### Exercise objective
What is needed is every line, exactly as given, from the line containing "(* Hence so" through the end of the data below.

** Opening Exercise data block **

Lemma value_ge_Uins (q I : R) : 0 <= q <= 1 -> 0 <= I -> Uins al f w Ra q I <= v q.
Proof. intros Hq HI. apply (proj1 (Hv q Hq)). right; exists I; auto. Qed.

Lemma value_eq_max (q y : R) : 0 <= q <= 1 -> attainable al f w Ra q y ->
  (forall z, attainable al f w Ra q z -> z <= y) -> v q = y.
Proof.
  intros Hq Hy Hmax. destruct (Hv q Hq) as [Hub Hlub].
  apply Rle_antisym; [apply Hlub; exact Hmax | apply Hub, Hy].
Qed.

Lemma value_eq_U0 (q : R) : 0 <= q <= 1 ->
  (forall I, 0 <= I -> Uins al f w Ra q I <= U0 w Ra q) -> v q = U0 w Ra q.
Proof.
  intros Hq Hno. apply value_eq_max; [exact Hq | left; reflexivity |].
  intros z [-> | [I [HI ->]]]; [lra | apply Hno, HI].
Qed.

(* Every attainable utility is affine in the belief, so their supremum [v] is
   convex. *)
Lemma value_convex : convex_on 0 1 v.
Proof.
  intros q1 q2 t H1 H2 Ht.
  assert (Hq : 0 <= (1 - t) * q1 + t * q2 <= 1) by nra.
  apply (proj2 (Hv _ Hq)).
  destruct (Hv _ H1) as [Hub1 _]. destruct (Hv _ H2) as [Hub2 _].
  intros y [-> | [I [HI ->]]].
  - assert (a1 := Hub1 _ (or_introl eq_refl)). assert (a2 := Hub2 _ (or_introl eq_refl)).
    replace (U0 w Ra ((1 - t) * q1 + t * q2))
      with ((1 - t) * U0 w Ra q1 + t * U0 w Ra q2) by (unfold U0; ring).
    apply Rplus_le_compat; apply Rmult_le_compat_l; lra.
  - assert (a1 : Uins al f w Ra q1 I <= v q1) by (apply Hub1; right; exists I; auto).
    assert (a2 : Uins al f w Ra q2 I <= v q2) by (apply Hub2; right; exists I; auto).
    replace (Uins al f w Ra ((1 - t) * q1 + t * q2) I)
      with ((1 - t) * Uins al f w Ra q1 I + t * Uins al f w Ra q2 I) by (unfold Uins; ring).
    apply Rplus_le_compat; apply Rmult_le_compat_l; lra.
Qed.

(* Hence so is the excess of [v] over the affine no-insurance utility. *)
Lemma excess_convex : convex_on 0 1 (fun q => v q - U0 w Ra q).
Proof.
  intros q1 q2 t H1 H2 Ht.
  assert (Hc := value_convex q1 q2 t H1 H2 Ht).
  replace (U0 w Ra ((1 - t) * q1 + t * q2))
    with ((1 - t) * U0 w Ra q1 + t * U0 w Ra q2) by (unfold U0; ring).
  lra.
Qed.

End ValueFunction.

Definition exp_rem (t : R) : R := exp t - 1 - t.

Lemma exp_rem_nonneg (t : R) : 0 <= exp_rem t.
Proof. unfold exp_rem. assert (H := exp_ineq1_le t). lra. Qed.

** Closing Exercise data block **

### Final answer
(* Hence so is the excess of [v] over the affine no-insurance utility. *)
Lemma excess_convex : convex_on 0 1 (fun q => v q - U0 w Ra q).
Proof.
  intros q1 q2 t H1 H2 Ht.
  assert (Hc := value_convex q1 q2 t H1 H2 Ht).
  replace (U0 w Ra ((1 - t) * q1 + t * q2))
    with ((1 - t) * U0 w Ra q1 + t * U0 w Ra q2) by (unfold U0; ring).
  lra.
Qed.

End ValueFunction.

Definition exp_rem (t : R) : R := exp t - 1 - t.

Lemma exp_rem_nonneg (t : R) : 0 <= exp_rem t.
Proof. unfold exp_rem. assert (H := exp_ineq1_le t). lra. Qed.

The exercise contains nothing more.